Lemma segment_dist_hits (R : realType) (V : normedModType R) (K : set V) y w c :
  K y -> 0 <= c <= dist_to K w ->
  exists2 t, 0 <= t <= 1 & dist_to K (y + t *: (w - y)) = c.
Proof.
move=> Ky /andP [c0 cw]; pose phi t := dist_to K (y + t *: (w - y)).
have phi_cont : continuous phi.
  apply: (@lipschitz_continuous _ _ `|w - y|) => s t.
  rewrite /phi (le_trans (dist_to_lipschitz Ky _ _)) //.
  by rewrite opprD addrACA subrr add0r -scalerBl normrZ mulrC.
have phi0 : phi 0 = 0.
  apply/eqP; rewrite eq_le (dist_to_ge0 Ky) andbT.
  by rewrite /phi scale0r addr0 (le_trans (dist_to_le _ Ky)) // subrr normr0.
have c_between : Num.min (phi 0) (phi 1) <= c <= Num.max (phi 0) (phi 1).
  by rewrite phi0 /phi scale1r addrC subrK ge_min c0 /= le_max cw orbT.
have [t t01 phit] := IVT ler01 (continuous_subspaceT phi_cont) c_between.
by exists t => //; rewrite in_itv /= in t01.
Qed.

Lemma logn2_odd_mul a x : logn 2 ((2 * a + 1) * 2 ^ x) = x.
Proof. by rewrite logn_Gauss ?pfactorK // coprime2n addn1 /= mul2n odd_double. Qed.

Lemma odd_mul_pow2_inj a b x y :
  ((2 * a + 1) * 2 ^ x = (2 * b + 1) * 2 ^ y)%N -> x = y /\ a = b.
Proof.
move=> e; have exy : x = y by rewrite -(logn2_odd_mul a x) e logn2_odd_mul.
split=> //; move: e; rewrite exy => /eqP; rewrite eqn_pmul2r ?expn_gt0 //.
by rewrite eqn_add2r eqn_pmul2l // => /eqP.
Qed.

Section DyadicGrid.
Variables (R : realType) (n : nat).
Local Notation V := 'rV[R]_n.

Definition dyad (m : nat) : R := (2 ^ m)%:R^-1.

Lemma dyad_gt0 m : 0 < dyad m.
Proof. by rewrite invr_gt0 ltr0n expn_gt0. Qed.

Lemma dyadS m : dyad m.+1 = dyad m / 2.
Proof. by rewrite /dyad expnS natrM invfM mulrC. Qed.

Lemma dyad_le m M : (M <= m)%N -> dyad m <= dyad M.
Proof. by move=> Mm; rewrite lef_pV2 ?posrE ?ltr0n ?expn_gt0 // ler_nat leq_exp2l. Qed.

Lemma dyad_small e : 0 < e -> exists M, dyad M < e.
Proof.
move=> e0; exists (Num.bound e^-1).
rewrite -[ltRHS]invrK ltf_pV2 ?posrE ?invr_gt0 ?ltr0n ?expn_gt0 // natrX.
exact: upper_nthrootP.
Qed.

(* The centre (2a+1)/2^(m+1) of the a-th dyadic interval of level m. *)
Definition coord (m a : nat) : R := (2 * a + 1)%:R * dyad m.+1.

Lemma coord_in m a : (a < 2 ^ m)%N -> 0 < coord m a < 1.
Proof.
move=> a_lt; rewrite mulr_gt0 ?ltr0n ?addn1 ?dyad_gt0 //=.
rewrite ltr_pdivrMr ?ltr0n ?expn_gt0 // mul1r ltr_nat expnS; lia.
Qed.
(* $J=J^\epsilon\oplus J^\nu$ for some $\mathbb{F}_p[G]$-submodule $J^\nu$ of $J$, and the index $e$ vanishes on $J^\nu\cap J_{p-1}$. Moreover, for $x\in J_{p-1}$ with decomposition $x=x^\epsilon x^\nu$ ($x^\epsilon\in J^\epsilon$, $x^\nu\in J^\nu$), one has $e(x^\epsilon)=e(x)$.
   Context: $p$ odd prime. $K_0/F_0$ is a cyclic extension of degree $p$ of fields of characteristic $\neq p$; $\xi_p$ is a primitive $p$th root of unity, $F=F_0(\xi_p)$, $K=K_0(\xi_p)$, $s=[F:F_0]$ (prime to $p$), so $\mathrm{Gal}(K/F_0)\cong\mathrm{Gal}(F/F_0)\times\mathrm{Gal}(K_0/F_0)$. Let $\epsilon\in\mathrm{Gal}(K/F_0)$ fix $K_0$ and restrict to a generator of $\mathrm{Gal}(F/F_0)$, and let $\sigma\in\mathrm{Gal}(K/F_0)$ fix $F$ and restrict to a generator of $\mathrm{Gal}(K_0/F_0)$; then $G=\mathrm{Gal}(K/F)=\langle\sigma\rangle$, $\epsilon\sigma=\sigma\epsilon$, and $K=F(\sqrt[p]{a})$ for some $a\in F^\times$ chosen with $\sigma(\sqrt[p]{a})=\xi_p\sqrt[p]{a}$. Let $t\in\mathbb{Z}$ with $\epsilon(\xi_p)=\xi_p^t$. $\rho=\sigma-1$. $J=K^\times/K^{\times p}$ written multiplicatively with exponential Galois action, $J_i=\ker(\rho^i)$, and $J^\epsilon=\{x\in J: \epsilon(x)=x^t\}$ (an $\mathbb{F}_p[G]$-submodule). For $[\gamma]\in J_{p-1}$ the index $e([\gamma])\in\mathbb{F}_p$ is defined by $\xi_p^{e([\gamma])}=\sigma(\delta)/\delta$ where $\delta\in K$ is any $p$th root of $N_{K/F}(\gamma)$. *)

From HB Require Import structures.
From mathcomp Require Import all_boot all_order all_algebra.
Set Implicit Arguments. Unset Strict Implicit. Unset Printing Implicit Defensive.
Import GRing.Theory.
Local Open Scope ring_scope.

(* Elements of J = K^x / K^{x p} are represented by nonzero elements of K;
   two representatives are identified when their quotient is a p-th power. *)
Section KummerDefs.
Variable K : fieldType.
Variable p : nat.

Definition pthpow (x : K) : Prop := exists y : K, x = y ^+ p.

Definition Jeq (x y : K) : Prop := x != 0 /\ y != 0 /\ pthpow (x / y).

Variable sg : K -> K.  (* the generator sigma of G = Gal(K/F) *)

(* rho = sigma - 1, written multiplicatively: x |-> sigma(x)/x *)
Definition rho (x : K) : K := sg x / x.

(* x represents an element of J_i = ker(rho^i) *)
Definition Jker (i : nat) (x : K) : Prop := x != 0 /\ pthpow (iter i rho x).

Definition normKF (x : K) : K := \prod_(i < p) iter i sg x.

(* e(x) = k (mod p): some p-th root delta of N_{K/F}(x) has sigma(delta)/delta = xi^k *)
Definition has_index (xi x : K) (k : nat) : Prop :=
  exists delta : K, delta ^+ p = normKF x /\ sg delta = xi ^+ k * delta.

(* P (a predicate on representatives, saturated for Jeq) is an F_p[G]-submodule of J *)
Definition is_FpG_submodule (P : K -> Prop) : Prop :=
  (forall x, P x -> x != 0) /\
  P 1 /\
  (forall x y, P x -> Jeq x y -> P y) /\
  (forall x y, P x -> P y -> P (x * y)) /\
  (forall x, P x -> P x^-1) /\
  (forall x, P x -> P (sg x)).

End KummerDefs.

(* J^eps = { x in J : eps(x) = x^t } *)
Definition Jeps (K : fieldType) (p : nat) (eps : K -> K) (t : nat) (x : K) : Prop :=
  x != 0 /\ pthpow p (eps x / x ^+ t).

From HB Require Import structures.
From mathcomp Require Import all_boot all_order all_algebra finfield.
Import GRing.Theory.
Local Open Scope ring_scope.

Set Implicit Arguments. Unset Strict Implicit.
(* Let $H$ be a real-valued harmonic function in $\mathbb{D}=\{|z|<1\}$ and let $u(z)=H(z)+\frac12(1-|z|^{2})\big(zH_z(z)+\overline{z}H_{\overline{z}}(z)\big)$ for $z\in\mathbb{D}$. Suppose $u\in C^{1}(\overline{\mathbb{D}})$ and $M\in\mathbb{R}$ is such that $u\le M$ on $\mathbb{T}=\{|z|=1\}$. Then $u\le M$ on $\mathbb{D}$.
   Context: $\overline{\mathbb{D}}$ is the closed unit disk; $u\in C^1(\overline{\mathbb{D}})$ means $u$ extends to a $C^1$ function on $\overline{\mathbb{D}}$, and $u$ on $\mathbb{T}$ refers to these boundary values. Note $zH_z+\overline zH_{\overline z}=r\,\partial H/\partial r$ for $z=re^{i\theta}$. *)

(* with Coquelicot for derivatives. Points of the plane are
   pairs (x, y) of reals, z = x + i y. *)
From Stdlib Require Import Reals.
From Coquelicot Require Import Coquelicot.
Open Scope R_scope.

Definition in_disk (x y : R) : Prop := x ^ 2 + y ^ 2 < 1.
Definition in_cdisk (x y : R) : Prop := x ^ 2 + y ^ 2 <= 1.
Definition on_circle (x y : R) : Prop := x ^ 2 + y ^ 2 = 1.

Definition Dx (f : R -> R -> R) (x y : R) : R := Derive (fun t => f t y) x.
Definition Dy (f : R -> R -> R) (x y : R) : R := Derive (fun t => f x t) y.

Definition cont_within (P : R -> R -> Prop) (f : R -> R -> R) (x y : R) : Prop :=
  forall eps : R, 0 < eps -> exists delta : R, 0 < delta /\
    forall x' y', P x' y' -> (x' - x) ^ 2 + (y' - y) ^ 2 < delta ^ 2 ->
      Rabs (f x' y' - f x y) < eps.

Definition C1_on (P : R -> R -> Prop) (f : R -> R -> R) : Prop :=
  forall x y, P x y ->
    ex_derive (fun t => f t y) x /\ ex_derive (fun t => f x t) y /\
    continuity_2d_pt f x y /\ continuity_2d_pt (Dx f) x y /\
    continuity_2d_pt (Dy f) x y.

Definition C2_on (P : R -> R -> Prop) (f : R -> R -> R) : Prop :=
  C1_on P f /\ C1_on P (Dx f) /\ C1_on P (Dy f).

Definition harmonic_disk (H : R -> R -> R) : Prop :=
  C2_on in_disk H /\
  forall x y, in_disk x y -> Dx (Dx H) x y + Dy (Dy H) x y = 0.

(* u = H + 1/2 (1 - |z|^2) (z H_z + zbar H_zbar),
   where z H_z + zbar H_zbar = x H_x + y H_y = r dH/dr *)
Definition u_of (H : R -> R -> R) (x y : R) : R :=
  H x y + / 2 * (1 - (x ^ 2 + y ^ 2)) * (x * Dx H x y + y * Dy H x y).

(* u in C^1(closed disk): u is C^1 in the open disk, and u together with its
   first partial derivatives extend continuously to the closed disk;
   U is the extension of u, whose values on the circle are "u on T". *)
Definition C1_closed_disk_ext (u U : R -> R -> R) : Prop :=
  C1_on in_disk u /\
  (forall x y, in_disk x y -> U x y = u x y) /\
  (forall x y, in_cdisk x y -> cont_within in_cdisk U x y) /\
  exists gx gy : R -> R -> R,
    (forall x y, in_disk x y -> gx x y = Dx u x y /\ gy x y = Dy u x y) /\
    (forall x y, in_cdisk x y ->
       cont_within in_cdisk gx x y /\ cont_within in_cdisk gy x y).

(* Fix w = a + i b in the disk and let phi be the disk automorphism
   z |-> (z + w)/(1 + conj w z).
   Since H o phi is harmonic, its moments on the circle |z| = s against 1, cos and sin solve
   Euler equations in s; this gives, for |w| < s < 1,
     2 pi u(w) = integral over [0, 2 pi] of H(phi(s e^(iv))) (1 + (a cos v + b sin v)/s) dv,
   a representation of u(w) as an average of H against a nonnegative weight of mass one.
   So u(w) <= sup H on the curve phi(s T), which tends to T as s -> 1, and it remains to show
   H <= M + eps near T. Along a radius, t^2/(1 - t^2) (H(t c, t sn) - M - eps) has derivative
   2t/(1 - t^2)^2 (u(t c, t sn) - M - eps), which is <= 0 near T because u is continuous up to
   T; hence H - M - eps = O(1 - |z|^2) there. *)

From Stdlib Require Import Reals Lra Psatz.
From Coquelicot Require Import Coquelicot.
Open Scope R_scope.

(* Coquelicot states its calculus lemmas with the generic [plus], [mult], [scal] and some
   equalities at types only convertible to [R]; the [_R] variants below are the same
   statements on [R], usable by [apply], [ring] and [field]. *)
Ltac ring_R := match goal with |- ?x = ?y => change (@eq R x y) end; ring.
Ltac field_R := match goal with |- ?x = ?y => change (@eq R x y) end; field.

Lemma is_derive_val (f : R -> R) (x d1 d2 : R) : is_derive f x d1 -> d1 = d2 -> is_derive f x d2.
Proof. intros Hf <-. exact Hf. Qed.

Lemma is_derive_id_R x : is_derive (fun t : R => t) x 1.
Proof. auto_derive; reflexivity. Qed.

Lemma is_derive_plus_R (f g : R -> R) x df dg : is_derive f x df -> is_derive g x dg ->
  is_derive (fun t => f t + g t) x (df + dg).
Proof. exact (is_derive_plus f g x df dg). Qed.

Lemma is_derive_minus_R (f g : R -> R) x df dg : is_derive f x df -> is_derive g x dg ->
  is_derive (fun t => f t - g t) x (df - dg).
Proof. exact (is_derive_minus f g x df dg). Qed.

Lemma is_derive_mult_R (f g : R -> R) x df dg : is_derive f x df -> is_derive g x dg ->
  is_derive (fun t => f t * g t) x (df * g x + f x * dg).
Proof.
  intros Hf Hg. eapply is_derive_val; [apply (is_derive_mult f g x df dg Hf Hg)|].
  - intros; apply Rmult_comm.
  - simpl. unfold plus, mult; simpl. ring.
Qed.

Lemma is_RInt_plus_R (f g : R -> R) A B If Ig : is_RInt f A B If -> is_RInt g A B Ig ->
  is_RInt (fun v => f v + g v) A B (If + Ig).
Proof. exact (is_RInt_plus f g A B If Ig). Qed.

Lemma is_RInt_minus_R (f g : R -> R) A B If Ig : is_RInt f A B If -> is_RInt g A B Ig ->
  is_RInt (fun v => f v - g v) A B (If - Ig).
Proof. exact (is_RInt_minus f g A B If Ig). Qed.

Lemma is_RInt_scal_R (f : R -> R) A B k If : is_RInt f A B If ->
  is_RInt (fun v => k * f v) A B (k * If).
Proof. exact (is_RInt_scal f A B k If). Qed.

Lemma is_derive_continuity_pt (f : R -> R) x d : is_derive f x d -> continuity_pt f x.
Proof.
  intros Hf. apply continuity_pt_filterlim. apply (ex_derive_continuous f x). exists d; exact Hf.
Qed.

**What is required**
Scan the entries above. Copy each line that has the string "Implicit".

**Response below**
Set Implicit Arguments. Unset Strict Implicit. Unset Printing Implicit Defensive.
Set Implicit Arguments. Unset Strict Implicit.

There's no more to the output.